2.7.6 constantvalue attributes
The constantvalue attribute is used to notify virtual machines to automatically assign values to static variables. Only variables modified by static can use this attribute.
2.7.7 innerclasses attributes
The innerclasses attribute is used to record the relationship between the internal class and the host class. If an internal class is defined in a class, the compiler generates the innerclasses attribute for it and its internal classes. The structure of this attribute is shown in:
Table 19. Structure of the innerclasses Attribute Table
The data item number_of_classes indicates the number of internal classes to be recorded. The information of each internal class is described by an inner_classes_info table. The structure of the inner_classes_info table is as follows:
Table 20, inner_classes_info table structure
- Inner_class_info_index: Pointing to the index of the constant_class_info type constant in the constant pool, representing the symbol reference of the internal class
- Outer_class_info_index: Indicates the index of the constant_class_info type constant in the constant pool, representing the symbolic reference of the host class.
- Inener_name_index:The index pointing to the constant_utf8_info type constant in the constant pool, representing the name of the internal class. If it is an anonymous internal class, the value is 0.
- Inner_class_access_flags:The access flag of the internal class. Its value range is shown in the following table:
Table 21. Internal access flag
2.7.8 deprecated and synthetic attributes
Both deprecated and synthetic attributes belong to the Boolean attribute of the Flag type. There is only a difference between the deprecated and synthetic attributes and there is no attribute value concept. The deprecated attribute is used to represent a class, field, or method. It can be set by using the @ deprecated annotation in the code. The synthetic attribute indicates that this field or method is not directly generated by the Java source code, but added by the compiler. The structure of the deprecated and synthetic attributes is as follows:
Table 22, deprecated, and synthetic attributes
2.7.9 stackmaptable attributes
The stackmaptable attribute is added to the class File Specification after jdk1.6 is released.
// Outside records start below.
(* Let $m\ge 1$, $q=2^m$, and let $n$ be odd. Let \[L(x)=\sum_{i=0}^{m-1}L_i\big(x^{2^i}\big),\] where each $L_i$ is a $q$-linear polynomial over $\mathbb F_{q^n}$. Then $\mathrm{Tr}(x^{q+1})+L(x)$ is a permutation polynomial of $\mathbb F_{q^n}$ if and only if all three of the following hold: $L_i(1)\in\mathbb F_q$ for $0\le i<m$; the polynomial \[\ell(x)=\sum_{i=0}^{m-1}(L_i(1)x)^{2^{m-i}}+x^{2^{m-1}}\] is a permutation polynomial of $\mathbb F_q$; and $\ker\mathrm{Tr}\cap\ker L^\prime=\{0\}$.
   Context: $\mathrm{Tr}$ denotes the trace map of $\mathbb F_{q^n}$ over $\mathbb F_q$, $\mathrm{Tr}(x)=\sum_{j=0}^{n-1}x^{q^j}$. Polynomials are regarded as maps on $\mathbb F_{q^n}$. A $q$-linear polynomial over $\mathbb F_{q^n}$ is one of the form $\sum_{j=0}^{n-1}a_jx^{q^j}$ with $a_j\in\mathbb F_{q^n}$; a $2$-linear polynomial is one of the form $\sum_{j=0}^{mn-1}a_jx^{2^j}$. For a $2$-linear polynomial $L(x)=\sum_{j=0}^{mn-1}a_jx^{2^j}$, its adjoint is $L^\prime(x)=\sum_{j=0}^{mn-1}(a_jx)^{2^{-j}}$, where $y\mapsto y^{2^{-j}}$ denotes the inverse of the automorphism $y\mapsto y^{2^j}$ of $\mathbb F_{q^n}$; equivalently $L'$ is the unique map with $\mathrm{T}(\alpha L(\beta))=\mathrm{T}(L^\prime(\alpha)\beta)$ for all $\alpha,\beta\in\mathbb F_{q^n}$, where $\mathrm T$ is the absolute trace of $\mathbb F_{q^n}$ over $\mathbb F_2$. $\ker$ denotes the kernel of an additive map on $\mathbb F_{q^n}$. *)

From HB Require Import structures.
From mathcomp Require Import all_boot all_order all_algebra all_field.
Set Implicit Arguments. Unset Strict Implicit. Unset Printing Implicit Defensive.
Import GRing.Theory.
Local Open Scope ring_scope.

Section Defs.
Variable F : finFieldType.

Definition trq (q n : nat) (x : F) : F := \sum_(j < n) x ^+ (q ^ j).

Definition qlin (q n : nat) (a : 'I_n -> F) (x : F) : F :=
  \sum_(j < n) a j * x ^+ (q ^ j).

Definition Lmap (m n : nat) (a : 'I_m -> 'I_n -> F) (x : F) : F :=
  \sum_(i < m) qlin (2 ^ m) (a i) (x ^+ (2 ^ i)).

(* Inverse of the automorphism y |-> y^(2^k) of F = F_{2^(m n)}, for k <= m n:
   y |-> y^(2^(m n - k)). *)
Definition frobinv (m n k : nat) (y : F) : F := y ^+ (2 ^ (m * n - k)).

(* Adjoint of L, written as the 2-linear polynomial
   L(x) = sum_{i<m, j<n} a_{i j} x^(2^(i + m j)), so
   L'(x) = sum_{i,j} (a_{i j} x)^(2^-(i + m j)). *)
Definition Ladj (m n : nat) (a : 'I_m -> 'I_n -> F) (x : F) : F :=
  \sum_(i < m) \sum_(j < n) frobinv m n (i + m * j) (a i j * x).

Definition inFq (m : nat) (x : F) : bool := x ^+ (2 ^ m) == x.

Definition ell (m n : nat) (a : 'I_m -> 'I_n -> F) (x : F) : F :=
  \sum_(i < m) (qlin (2 ^ m) (a i) 1 * x) ^+ (2 ^ (m - i)) + x ^+ (2 ^ (m - 1)).

Definition perm_on_set (S : pred F) (f : F -> F) : Prop :=
  {in S, forall x, f x \in S} /\ {in S &, injective f}.

End Defs.

(* Put f x = Tr (x ^ (q + 1)) + L x.  Expanding,
     f (x + y) = f x + f y + Tr (x * delta y),   delta y = y ^ (q ^ (n - 1)) + y ^ q,
   and, n being odd, delta y = 0 exactly when y lies in F_q.  So the values
   Tr (x * delta y) fill F_q when y is not in F_q and vanish otherwise, and f is
   injective iff (A) L y in F_q forces y in F_q, and (B) y ^ 2 + L y has no
   nonzero root in F_q.
   When every L_i(1) lies in F_q (equivalently, L maps F_q into F_q), y ^ 2 + L y
   restricted to F_q is the additive map whose adjoint for the absolute trace of
   F_q is ell, so (B) says that ell permutes F_q.
   For (A), the preimage of F_q under L is the kernel of phi = L ^ q + L, whose
   adjoint for the absolute trace of F_(q^n) is L' o theta with
   theta x = x ^ (q ^ (n - 1)) + x.  Adjoint additive maps have kernels of the same
   size, and theta maps onto ker Tr with kernel F_q, so the preimage has
   q * #|ker Tr :&: ker L'| elements.  As #|F_q| = q, (A) holds iff L maps F_q
   into F_q and ker Tr :&: ker L' = 0. *)

From HB Require Import structures.
From mathcomp Require Import all_boot all_order all_algebra all_field.
From mathcomp Require Import zify ring.
Set Implicit Arguments. Unset Strict Implicit. Unset Printing Implicit Defensive.
Import GRing.Theory.
Local Open Scope ring_scope.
It is a complex variable-length attribute located in the Attribute Table of the Code attribute. This attribute will be used by the Type checker in the bytecode verification phase loaded by the VM class, the purpose is to replace the data flow analysis-based type derivation validators that previously consumed performance. The stackmaptable attribute contains zero to multiple stack map frames (stack map frames). Each stack frame shot frame explicitly or implicitly represents the offset of A bytecode, indicates the verification type of the local variable table and the operand stack when the bytecode is executed. The Type checker checks the local variables of the target method and the types required by the operand stack to determine whether the commands comply with logical constraints. Its structure is as follows:
Table 23 and stackmaptable Attribute Table Structure
2.7.10 signature attributes
The signature attribute is added to the class File Specification after jdk1.5 is released. It is an optional fixed-length attribute that can appear in the Attribute Table of the class, attribute table, and method table structure. If the generic conciseness of any class, interface, initialization method, or member contains a type variable () or parameterized type (), the signature attribute records information about the generic signature for it. The structure of the signature attribute is as follows:
Table 24 and signature Attribute Table Structure
- Signature_index: Must be a valid index for the constant pool. The unknown item of the constant pool in this index must be in the constant_utf8_info structure, indicating class signature, method type signature, or field type signature. If the current signature attribute is a class file attribute, it indicates a class signature; if it is a method table attribute, it indicates a method signature; if it is a field table attribute, it indicates a field signature.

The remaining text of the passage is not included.